I’m a big fan of the Stockholm International Peace Research Institute’s Arms Transfers Database. SIPRI makes it extremely easy to spit out highly legible records of military equipment transfers between nations and non-state groups. I’m not an expert in such matters, but the database is approachable enough that I can readily find, say, US sales of cluster bombs to Saudi Arabia. Legibility and approachability, however, do not mean the data are machine-friendly. SIPRI exports data in a rich text format, filtered by year, exporter, importer, and class of equipment. The exported files are superficially tabular in arrangement, but do not paste well into a spreadsheet without some cleanup. I wanted to visualize trends in US arms exports from 9/11 to the end of the Obama administration, particularly focusing on client states that are now bombing civilian targets in Yemen. To that end, I would need to reformat some data from SIPRI.
I downloaded trade registers for all weapon types from 2001 to 2016, with the recipients unfiltered and the USA as supplier. The resulting .rtf copied into Excel better than I expected, but I needed to realign some columns offset by tabs in the original text. It was also important to fill out the “recipient” column so the appropriate recipient name recurred for every transaction–not just as a section header.
After reaching the limits of what could best be accomplished in Excel, I performed some basic clustering in OpenRefine to make sure my CSV would be as clean and uniform as possible. This mostly entailed dealing with some inconsistencies in the “weapon description” column. I would use this later to group weapons into broader categories.

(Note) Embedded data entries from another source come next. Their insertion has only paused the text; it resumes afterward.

Lemma std_set_step n h : h 0 = 1 -> unimodal_at_each_tail h ->
  (exists T, std_set n (hdiff h 1) T) -> exists S, std_set n.+1 h S.
Proof.
move=> h0 h_unimodal [T [T_ideal T_alm [LT LT_enum]]].
have std_set_S fin r0 : 0 < r0 ->
    (forall e, 0 < e -> ~~ fin || (e < r0) -> h e.-1 < h e) ->
    (fin -> forall d, r0 <= d -> h d <= h d.-1) -> exists S, std_set n.+1 h S.
  move=> r0_gt0 h_incr h_decr; exists (lifted_std h T LT fin r0); split.
  - exact: lifted_std_ideal.
  - exact: lifted_std_almost_revlex.
  - by exists (lifted_enum h LT fin r0); apply: lifted_enum_spec.
case: (classic (r_finite h 0)) => [[d [d_gt0 h_d]] | no_descent]; last first.
  apply: (std_set_S false 1) => // e e_gt0 _; rewrite ltnNge; apply/negP => h_e.
  by apply: no_descent; exists e.
have descent : exists d, (0 < d) && (h d <= h d.-1) by exists d; rewrite d_gt0.
have [r0 /andP[r0_gt0 h_r0] r0_min] := ex_minnP descent.
have h_incr e : 0 < e -> e < r0 -> h e.-1 < h e.
  move=> e_gt0 e_lt; rewrite ltnNge; apply/negP => h_e.
  by move: (r0_min e); rewrite e_gt0 h_e leqNgt e_lt => /(_ isT).
apply: (std_set_S true r0) => // _ d' r0_le.
apply: (h_unimodal 0 _ _ r0) => //; first by rewrite leq_max.
by exists 0; split => //; exists d.
Qed.

Lemma std_set_exists n h : h 0 = 1 -> h 1 = n -> unimodal_at_each_tail h ->
  exists S, std_set n h S.
Proof.
elim: n h => [|n IH] h h0 h1 h_unimodal.
  by apply: std_set_trivial => //; apply: unimodal_vanish.
apply: std_set_step => //; apply: IH => //; last exact: unimodal_hdiff1.
by rewrite /= h1 h0 subn1.
Qed.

Then, as per the parameters of the assignment, I loaded my data into Tableau Public and began to explore. While I suspected the arms transfers dataset would reveal interesting patterns, I wasn’t yet sure how to find them. I definitely wanted to visualize change over time, but for starters a simple bar chart without a chronological element seemed like a good idea. Sorting recipients by total number of items delivered immediately showed a preponderance of arms flowing into the Middle East, particularly Saudi Arabia and Israel. Others, like CNN, have used SIPRI’s data to create much the same chart:
NB: My chart and others’ stabs at the same share a major issue. They rely on SIPRI’s count of number of items in each transaction, as opposed to the value of the items transferred. This method of comparison makes sense when comparing a specific class of item (guided bombs for example, see below), but falls apart when a single bomb and a multirole fighter jet are given equal weight.
Exploring change throughout the “War on Terror” would mean bringing time into the mix. I opted again for the simple and familiar option: line charts. Mother Jones demonstrated an alarming uptick in US arms sales in 2011 thus:
Their chart gets the point across pretty well. It shows the US blasting out of the cluster of other nations in 2011. True to the publication’s mainline American liberal stance, it implies that a certain baseline level of arms dealing as normal, and the US stepped out of line. I think it’s a little cluttered, but it tells a story. Mother Jones also used an area chart to demonstrate a Wealth-of-Nations-ass narrative of the US taking other nations’ market share. How dare we!
The jagged ups and downs of these charts don’t do it for me. Simply charting sales year to year doesn’t communicate the buildup of arms and equipment over time. Bombs sold to a Gulf autocrat in 2008 may well remain in his arsenal until needed years later. Combat vehicles will almost certainly see years of use. History has demonstrated that arms flowing into a conflict zone will stick around for decades. The Ardennes Forest still contains unexploded ordnance from both world wars. Nazi assault rifles have seen use in Syria alongside scads of mid-century Kalashnikovs. I opted to chart the running sum of certain arms sales in order to give a sense of this flooding effect.
As I mentioned above, the variety of equipment SIPRI tracks necessitated some thought and grouping. I charted “munitions” as a broad category (excluding vehicles, radar, anything not made to explode or launch exploding things) and guided bombs as a specific one. The guided bomb chart is designed to illustrate the accelerating sale of bombs to the Saudi-led coalition that’s been pulverizing Yemen. The coalition nations are catching up to Israel, and the combination of the coalition and Israel outstrip the rest of the world in deliveries of US guided bombs. A significant share of human misery in the Middle East over the coming years and decades will be of our making.
The more general munitions chart shows Saudi Arabia leaving all other players in the dust as a recipient of American weapons–even Israel, darling of neocons. I hope this visualization conveys that the real beneficiaries of US foreign policy are Likudnik fascists and Wahhabi plutocrats.
I kept my dashboard of three visualizations very simple, taking care to reuse colors where applicable. I selected colors on the line charts based on the dominant colors of some nations’ flags: green for Saudi Arabia, blue for Israel, brown as a blend of Egypt’s red, black and gold. Annotation and interactivity are minimal.
There’s plenty of room for expansion and improvement here. I’d like to explore other chart types available in Tableau, as well as its capacities for interaction and embellishment. At the risk of getting even more didactic, a little illustrative “chart junk” will be fun to play with in the future.